LOCATION: Clark County Jail
DOCKET NO.: 90-769
DECIDED BY: Rehnquist Court (1990-1991)
LOWER COURT: United States Court of Appeals for the Ninth Circuit
CITATION: 501 US 312 (1991)
ARGUED: Apr 23, 1991
DECIDED: Jun 17, 1991
Arlo Hale Smith - on behalf of the Respondents
Cedric C. Chao - on behalf of California Democratic Party, et al., as amici curiae, supporting the Respondents
Dennis Aftergut - on behalf of the Petitioners
Facts of the case
Media for Renne v. GearyAudio Transcription for Oral Argument - April 23, 1991 in Renne v. Geary
Audio Transcription for Opinion Announcement - June 17, 1991 in Renne v. Geary
William H. Rehnquist:
The opinion of the Court in No. 90-769 Renne against Geary will be announced by Justice Kennedy.
Anthony M. Kennedy:
This case comes to us on certiorari to United States Court of Appeals for the Ninth Circuit.
At issue is a provision of the California Constitution, Article II Section 6(b).
It provides that no political party or party’s central committee may endorse, support, or oppose a candidate for non-partisan office.
The petitioners are the City and County of San Francisco, the local Board of Supervisors and various other local officials.
The respondents include registered voters and members of political party’s central committees in San Francisco.
They filed suit in Federal Court seeking to have Section 6(b) declared invalid as violating the First Amendment.
In particular, they focused on the application of Section 6(b) in the context of voter pamphlets which are mailed out to the voters at public expense.
The respondents challenge the petitioner’s policy of editing the statements submitted by candidates for non-partisan office.
The petitioners allegedly would delete from the candidate’s statements any reference to an endorsement by a political party’s central committee or by a member of such a committee.
The Ninth Circuit affirmed the District Court’s ruling that Section 6(b) violates the First Amendment and we granted certiorari to review the Ninth Circuit’s decision.
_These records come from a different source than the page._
Lemma lmax_le_norm_inf : lmax <= norm_inf n A.
Proof.
  destruct lmax_le_row_sum as [p [Hp Hrow]].
  eapply Rle_trans; [apply Rle_abs|]. eapply Rle_trans; [exact Hrow|].
  apply (rmax_upto_ge (n - 1) (fun l => rsum n (fun r => Rabs (A l r))) p). lia.
Qed.

(* With unit diagonal, every row sum of |A| is < n as soon as n >= 2. *)
Lemma lmax_lt_n : (2 <= n)%nat -> lmax < INR n.
Proof.
  intros Hn. destruct lmax_le_row_sum as [p [Hp Hrow]].
  assert (exists q, (q < n)%nat /\ q <> p) as [q [Hq Hqp]].
  { destruct (Nat.eq_dec p 0) as [->|Hne]; [exists 1%nat|exists 0%nat]; split; lia. }
  assert (0 < rsum n (fun r => 1 - Rabs (A p r))).
  { apply (rsum_pos _ _ q); [|exact Hq|].
    - intros r Hr. destruct (Nat.eq_dec r p) as [->|Hne].
      + rewrite A_diag, Rabs_R1 by auto. lra.
      + pose proof (offdiag_lt p r Hp Hr (fun h => Hne (eq_sym h))). lra.
    - pose proof (offdiag_lt p q Hp Hq (fun h => Hqp (eq_sym h))). lra. }
  rewrite rsum_minus, rsum_const in H.
  pose proof (Rle_abs lmax). lra.
Qed.

Section Process.
Hypothesis n_ge2 : (2 <= n)%nat.
Variables xstar x0 : nat -> R.
Variable k : nat -> nat.
Variable tau : nat.
Hypothesis k_window : forall j, (j <= k j + tau)%nat /\ (k j <= j)%nat.

Let n_pos : (1 <= n)%nat.
Proof. lia. Qed.

Let INR_n_pos : 0 < INR n.
Proof. apply lt_0_INR. lia. Qed.

Let k_le j : (k j <= j)%nat.
Proof. apply k_window. Qed.

Notation e := (err n A xstar x0 k).

Definition En (j : nat) : R := Em n A xstar x0 1 k j.

Definition resid (a : nat) : R := expect_seq n a (fun s => sqnorm n (matvec n A (e s a))).

Lemma En_def j : En j = expect_seq n j (fun s => normA2 n A (e s j)).
Proof. reflexivity. Qed.

Lemma err_fun_depends a j (G : (nat -> R) -> R) : (a <= j)%nat ->
  depends_below j (fun s => G (e s a)).
Proof.
  intros Ha s s' H. rewrite (err_depends n A xstar x0 k a s s'); [reflexivity|].
  intros; apply H; lia.
Qed.

Lemma resid_horizon a j : (a <= j)%nat ->
  expect_seq n j (fun s => sqnorm n (matvec n A (e s a))) = resid a.
Proof.
  intros Ha. apply (expect_depends_below n n_pos a); [|exact Ha].
  apply (err_fun_depends a a (fun v => sqnorm n (matvec n A v))). lia.
Qed.

Lemma En_nonneg j : 0 <= En j.
Proof. apply expect_nonneg; [exact n_pos|]. intros s. apply normA2_nonneg. Qed.

Lemma resid_nonneg a : 0 <= resid a.
Proof. apply expect_nonneg; [exact n_pos|]. intros s. apply sqnorm_nonneg. Qed.

Lemma resid_le a : resid a <= lmax * En a.
Proof.
  unfold resid. rewrite En_def, <- expect_scal by exact n_pos.
  apply expect_le; [exact n_pos|]. intros s. apply sqnorm_matvec_le.
Qed.

Lemma resid_ge a : lmin * En a <= resid a.
Proof.
  unfold resid. rewrite En_def, <- expect_scal by exact n_pos.
  apply expect_le; [exact n_pos|]. intros s. apply sqnorm_matvec_ge.
Qed.

Lemma average_step s j :
  / INR n * rsum n (fun p => normA2 n A (e (upd s j p) (S j))) =
  normA2 n A (e s j) + / INR n * rsum n (fun p =>
     -2 * matvec n A (e s (k j)) p * matvec n A (e s j) p
     + matvec n A (e s (k j)) p * matvec n A (e s (k j)) p).
Proof.
  rewrite (rsum_ext n _ (fun p => normA2 n A (e s j) + (
     -2 * matvec n A (e s (k j)) p * matvec n A (e s j) p
     + matvec n A (e s (k j)) p * matvec n A (e s (k j)) p))).
  - rewrite rsum_plus, rsum_const. field. lra.
  - intros p Hp. rewrite (err_succ_upd n A xstar x0 k k_le s j p Hp).
    rewrite (normA2_upd n A A_sym), A_diag by exact Hp. ring.
Qed.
Having examined the record, we conclude in an opinion filed today that the case is not justiciable.
Those who bring suit in Federal Court must demonstrate that the case is right for decision meaning that there is a concrete controversy between adverse parties, and that it is an appropriate time for judicial intervention.
Respondents have failed to demonstrate a live controversy right for resolution by the Federal Courts.
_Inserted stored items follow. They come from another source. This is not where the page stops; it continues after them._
(* In the situation of the context, assume $\mathfrak C_R \subseteq \mathfrak m^2$ and $a_1 + a_n \ge c_R$. Then $S$ has Herzog–Kunz generators $\widetilde x_1, \ldots, \widetilde x_{n+s}$ (so $S = k[[\widetilde x_1,\ldots,\widetilde x_{n+s}]]$) such that $t^{a_1}, t^{a_n}, t^{b_1}, \ldots, t^{b_s}$ are among the $\widetilde x_j$.
   Context: Let $k$ be an algebraically closed field of characteristic $0$ and let $(R,\mathfrak m)$ be a complete local noetherian domain of dimension $1$ containing $k$ with $R/\mathfrak m = k$; its normalization is $\overline R = k[[t]]$, $R\subseteq k[[t]]$ finite birational. Let $v$ be the $t$-adic valuation; for $A \subseteq k((t))$ let $v(A)=\{v(f): f\in A\setminus\{0\}\}$, and $V(T)=v(T)$ for a ring $T$. The conductor is $\mathfrak C_R=\{x\in\overline R: x\overline R\subseteq R\} = t^{c_R}\overline R$. For any such ring $T$ (with maximal ideal $\mathfrak m_T$), its Herzog–Kunz sequence is $v(\mathfrak m_T)\setminus v(\mathfrak m_T^2)$ listed increasingly, and Herzog–Kunz generators are elements of $T$ having exactly these valuations (they generate $T$ as $k[[\cdot]]$, the image of a power series ring). Let $a_1<\cdots<a_n$ be the Herzog–Kunz sequence of $R$ and $x_1,\ldots,x_n$ Herzog–Kunz generators of $R$ with $x_1 = t^{a_1}$. Let $S = R[\mathfrak C_R/x_1]$ and let $b_1<\cdots<b_s$ be the elements of $\{c_R-a_1, \ldots, c_R-1\}$ not in $V(R)$. Known facts (used as given): $S = R[t^{b_1},\ldots,t^{b_s}]$, $c_S = c_R - a_1$, and $\mathrm{edim}(S) = n+s$. *)

From mathcomp Require Import all_boot all_order all_algebra.
From Stdlib Require List.
Set Implicit Arguments. Unset Strict Implicit. Unset Printing Implicit Defensive.
Import GRing.Theory.
Local Open Scope ring_scope.

Section PS.
Variable k : fieldType.

(* elements of k[[t]] : f = \sum_n f n t^n *)
Definition ps := nat -> k.

Definition ps_cst (c : k) : ps := fun n => if n == 0%N then c else 0.
Definition ps_add (f g : ps) : ps := fun n => f n + g n.
Definition ps_opp (f : ps) : ps := fun n => - f n.
Definition ps_mul (f g : ps) : ps :=
  fun n => \sum_(i < n.+1) f i * g (n - i)%N.
Definition tpow (j : nat) : ps := fun n => if n == j then 1 else 0.

Fixpoint ps_sum (m : nat) (f : nat -> ps) : ps :=
  match m with
  | 0%N => ps_cst 0
  | m'.+1 => ps_add (ps_sum m' f) (f m')
  end.

(* t-adic valuation: val f n  <->  f <> 0 and v(f) = n *)
Definition val (f : ps) (n : nat) : Prop :=
  f n != 0 /\ forall m, (m < n)%N -> f m = 0.

Definition vset (A : ps -> Prop) (n : nat) : Prop := exists f, A f /\ val f n.

Definition is_subring (P : ps -> Prop) : Prop :=
  P (ps_cst 1) /\
  (forall f g, P f -> P g -> P (ps_add f g)) /\
  (forall f, P f -> P (ps_opp f)) /\
  (forall f g, P f -> P g -> P (ps_mul f g)).

(* The rings R of the paper: k-subalgebras of k[[t]] (containing k) with
   nonzero conductor, i.e. containing t^c k[[t]] for some c. *)
Definition is_curve_ring (R : ps -> Prop) : Prop :=
  is_subring R /\ (forall c, R (ps_cst c)) /\
  exists c : nat, forall f, (forall m, (m < c)%N -> f m = 0) -> R f.

Definition conductor (T : ps -> Prop) (x : ps) : Prop :=
  forall y, T (ps_mul x y).

(* maximal ideal of the local ring T: its non-units *)
Definition mideal (T : ps -> Prop) (f : ps) : Prop :=
  T f /\ ~ (exists g, T g /\ ps_mul f g = ps_cst 1).

Definition mideal_sq (T : ps -> Prop) (h : ps) : Prop :=
  exists (m : nat) (f g : nat -> ps),
    (forall i, (i < m)%N -> mideal T (f i) /\ mideal T (g i)) /\
    h = ps_sum m (fun i => ps_mul (f i) (g i)).

Definition HKseq (T : ps -> Prop) (a : seq nat) : Prop :=
  sorted ltn a /\
  forall n, n \in a <-> (vset (mideal T) n /\ ~ vset (mideal_sq T) n).

Definition HKgens (T : ps -> Prop) (xs : seq ps) : Prop :=
  exists a, HKseq T a /\ size xs = size a /\
    forall i, (i < size a)%N -> T (nth (ps_cst 0) xs i) /\
                                 val (nth (ps_cst 0) xs i) (nth 0%N a i).

Definition adjoin (R J : ps -> Prop) (f : ps) : Prop :=
  forall P, is_subring P -> (forall g, R g -> P g) -> (forall g, J g -> P g) -> P f.

Definition div_set (C : ps -> Prop) (x : ps) (y : ps) : Prop := C (ps_mul x y).

End PS.

From Pilot Require Import Defs.
From HB Require Import structures.
From mathcomp Require Import all_boot all_order all_algebra.
From mathcomp Require Import boolp ring zify.
From Stdlib Require List.
Set Implicit Arguments. Unset Strict Implicit. Unset Printing Implicit Defensive.
Import GRing.Theory.
Local Open Scope ring_scope.

(* Put e = a_1 and d = c_R - e.  Since C_R lies in m_R^2 and m_R lies in
   t^e k[[t]], we get 2e <= c_R, so d >= e > 0; and a_n < c_R.  Every element
   of S = R[C_R/t^e] is r + p with r in R and p in t^d k[[t]], and such a p lies
   in S; so m_S^2 agrees with m_R^2 modulo t^(e+d) k[[t]] = C_R, and a valuation
   v < c_R of m_S outside v(m_R^2) stays outside v(m_S^2), while every v >= c_R
   is the valuation of t^e t^(v-e) in m_S^2.  The monomials t^(a_1), t^(a_n)
   (a_n >= d because a_1 + a_n >= c_R) and t^(b_j) (b_j >= d, b_j not in V(R))
   all lie in S with valuations in v(m_S) \ v(m_S^2), so they can be taken as
   Herzog-Kunz generators. *)

HB.instance Definition _ (k : fieldType) := Choice.copy (ps k) (nat -> k).

Lemma ps_addA (k : fieldType) : associative (@ps_add k).
Proof. by move=> f g h; apply: funext => n; rewrite /ps_add addrA. Qed.

Lemma ps_addC (k : fieldType) : commutative (@ps_add k).
Proof. by move=> f g; apply: funext => n; rewrite /ps_add addrC. Qed.

Lemma ps_add0 (k : fieldType) : left_id (ps_cst 0) (@ps_add k).
Proof. by move=> f; apply: funext => n; rewrite /ps_add /ps_cst; case: eqP; rewrite add0r. Qed.

Lemma ps_addN (k : fieldType) : left_inverse (ps_cst 0) (@ps_opp k) (@ps_add k).
Proof. by move=> f; apply: funext => n; rewrite /ps_add /ps_opp /ps_cst addNr; case: eqP. Qed.

HB.instance Definition _ (k : fieldType) :=
  GRing.isZmodule.Build (ps k) (@ps_addA k) (@ps_addC k) (@ps_add0 k) (@ps_addN k).

Definition ps_trunc (k : fieldType) (n : nat) (f : ps k) : {poly k} := \poly_(i < n) f i.

Lemma ps_mul_trunc (k : fieldType) (f g : ps k) i n : (i < n)%N ->
  ps_mul f g i = (ps_trunc n f * ps_trunc n g)`_i.
Proof.
move=> lt_in; rewrite coefM; apply: eq_bigr => j _; rewrite !coef_poly.
have le_ji : (j <= i)%N by rewrite -ltnS.
by rewrite (leq_ltn_trans le_ji lt_in) (leq_ltn_trans (leq_subr j i) lt_in).
Qed.

Lemma coefM_eq (k : nzRingType) (p p' q q' : {poly k}) i :
  (forall j, (j <= i)%N -> p`_j = p'`_j) -> (forall j, (j <= i)%N -> q`_j = q'`_j) ->
  (p * q)`_i = (p' * q')`_i.
Proof.
move=> eq_p eq_q; rewrite !coefM; apply: eq_bigr => j _.
by rewrite eq_p ?eq_q ?leq_subr // -ltnS.
Qed.

Lemma ps_mulA (k : fieldType) : associative (@ps_mul k).
Proof.
move=> f g h; apply: funext => i; rewrite !(@ps_mul_trunc _ _ _ i i.+1) //.
have trunc_mul (u v : ps k) j : (j <= i)%N ->
    (ps_trunc i.+1 (ps_mul u v))`_j = (ps_trunc i.+1 u * ps_trunc i.+1 v)`_j.
  by move=> le_ji; rewrite coef_poly ltnS le_ji (@ps_mul_trunc _ _ _ j i.+1).
transitivity ((ps_trunc i.+1 f * (ps_trunc i.+1 g * ps_trunc i.+1 h))`_i).
  by apply: coefM_eq => // j le_ji; rewrite trunc_mul.
by rewrite mulrA; apply: coefM_eq => // j le_ji; rewrite trunc_mul.
Qed.

Lemma ps_mulC (k : fieldType) : commutative (@ps_mul k).
Proof. by move=> f g; apply: funext => i; rewrite !(@ps_mul_trunc _ _ _ i i.+1) // mulrC. Qed.

Lemma ps_mul1 (k : fieldType) : left_id (ps_cst 1) (@ps_mul k).
Proof.
move=> f; apply: funext => i; rewrite /ps_mul big_ord_recl /= subn0 /ps_cst /= mul1r.
by rewrite big1 ?addr0 // => j _; rewrite mul0r.
Qed.

Lemma ps_mulDl (k : fieldType) : left_distributive (@ps_mul k) (@ps_add k).
Proof.
move=> f g h; apply: funext => i; rewrite /ps_mul /ps_add -big_split /=.
by apply: eq_bigr => j _; rewrite mulrDl.
Qed.

Lemma ps_oner_neq0 (k : fieldType) : ps_cst 1 != ps_cst 0 :> ps k.
Proof. by apply/eqP => /(congr1 (fun f : ps k => f 0%N)) /eqP; rewrite oner_eq0. Qed.

HB.instance Definition _ (k : fieldType) := GRing.Zmodule_isComNzRing.Build (ps k)
  (@ps_mulA k) (@ps_mulC k) (@ps_mul1 k) (@ps_mulDl k) (@ps_oner_neq0 k).

Section PowerSeries.
Variable k : fieldType.
Implicit Types (f g h : ps k) (m n : nat).

Lemma ps_addE f g : ps_add f g = f + g. Proof. by []. Qed.
Lemma ps_oppE f : ps_opp f = - f. Proof. by []. Qed.
Lemma ps_mulE f g : ps_mul f g = f * g. Proof. by []. Qed.
Lemma ps_coefD f g n : (f + g) n = f n + g n. Proof. by []. Qed.
Lemma ps_coefN f n : (- f) n = - f n. Proof. by []. Qed.
Lemma ps_coefB f g n : (f - g) n = f n - g n. Proof. by []. Qed.
Lemma ps_coefM f g n : (f * g) n = \sum_(i < n.+1) f i * g (n - i)%N. Proof. by []. Qed.

Lemma ps_coef0 n : (0 : ps k) n = 0.
Proof. by case: n. Qed.

Lemma ps_coef1 n : (1 : ps k) n = (n == 0%N)%:R.
Proof. by case: n. Qed.

Lemma ps_coefM0 f g : (f * g) 0%N = f 0%N * g 0%N.
Proof. by rewrite ps_coefM big_ord1 subn0. Qed.

Lemma ps_coef_sum m (F : 'I_m -> ps k) n : (\sum_(i < m) F i) n = \sum_(i < m) F i n.
Proof. by elim/big_rec2: _ => [|i x y _ <-]; rewrite ?ps_coef0. Qed.

Lemma ps_sumE m (F : nat -> ps k) : ps_sum m F = \sum_(i < m) F i.
Proof. by elim: m => [|m IH]; rewrite ?big_ord0 // big_ord_recr /= -IH. Qed.

Lemma ps_coef_tpowM e f n : (tpow k e * f) n = if (e <= n)%N then f (n - e)%N else 0.
Proof.
rewrite ps_coefM.
under eq_bigr => i _ do rewrite /tpow (fun_if (fun x => x * f (n - i)%N)) mul1r mul0r.
rewrite -big_mkcond /=; case: ifP => le_en.
  by rewrite (big_pred1 (Ordinal (le_en : (e < n.+1)%N))) // => i; rewrite /= -val_eqE.
by rewrite big_pred0 // => i; apply/eqP => eq_ie; move: (ltn_ord i); rewrite eq_ie ltnS le_en.
Qed.

Lemma tpowD e e' : tpow k e * tpow k e' = tpow k (e + e').
Proof.
apply: funext => n; rewrite ps_coef_tpowM /tpow; case: ifP => le_en; last first.
  by case: eqP => // eq_n; move: le_en; rewrite eq_n leq_addr.
by apply/esym; do 2 case: eqP => //; lia.
Qed.

Lemma tpow_val e : Defs.val (tpow k e) e.
Proof.
split; first by rewrite /tpow eqxx oner_eq0.
by move=> m lt_me; rewrite /tpow; case: eqP => // eq_me; move: lt_me; rewrite eq_me ltnn.
Qed.

Lemma exists_val f m : f m != 0 -> exists2 u, (u <= m)%N & Defs.val f u.
Proof.
move=> nz_fm; have ex_nz : exists n, f n != 0 by exists m.
case: (ex_minnP ex_nz) => u nz_fu min_u; exists u; first exact: min_u.
by split=> // j lt_ju; apply/eqP; apply: contraTT lt_ju => /min_u; rewrite -leqNgt.
Qed.

Definition vanish N f := forall m, (m < N)%N -> f m = 0.

Lemma vanishW N N' f : (N' <= N)%N -> vanish N f -> vanish N' f.
Proof. by move=> le_N'N vf m lt_mN'; apply: vf; apply: leq_trans le_N'N. Qed.

Lemma vanishD N f g : vanish N f -> vanish N g -> vanish N (f + g).
Proof. by move=> vf vg m lt_mN; rewrite ps_coefD vf ?vg ?addr0. Qed.

Lemma vanishN N f : vanish N f -> vanish N (- f).
Proof. by move=> vf m lt_mN; rewrite ps_coefN vf ?oppr0. Qed.

Lemma vanishM N N' f g : vanish N f -> vanish N' g -> vanish (N + N') (f * g).
Proof.
move=> vf vg m lt_m; rewrite ps_coefM; apply: big1 => i _.
case: (ltnP i N) => [lt_iN|le_Ni]; first by rewrite vf ?mul0r.
by rewrite vg ?mulr0 //; have := ltn_ord i; lia.
Qed.

Lemma vanishMr N f g : vanish N f -> vanish N (f * g).
Proof. by move=> vf; rewrite -[N]addn0; apply: vanishM. Qed.

Lemma vanishMl N f g : vanish N g -> vanish N (f * g).
Proof. by rewrite mulrC; apply: vanishMr. Qed.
While respondent alleged that petitioners have deleted references to party endorsements from the voter pamphlets in the past and that they will do so in the future, they have not alleged facts showing an actual or eminent application of Section 6(b) sufficient to present constitutional issues in clean cut and concrete form.
If in the future a concrete dispute arises, implicating the constitutionality of the Section 6(b), respondents are free to renew their suit at that time.
Because we conclude the case is not at present justiciable, we vacate the decision below and remand with instructions to dismiss the portion of respondent’s complaint challenging Section 6(b).
Justice Scalia joins all the part 2B of the Court’s opinion; Justice Stevens has filed a concurring opinion; Justice White has filed a dissenting opinion; Justice Marshall has filed a dissenting opinion in which Justice Blackmun joins.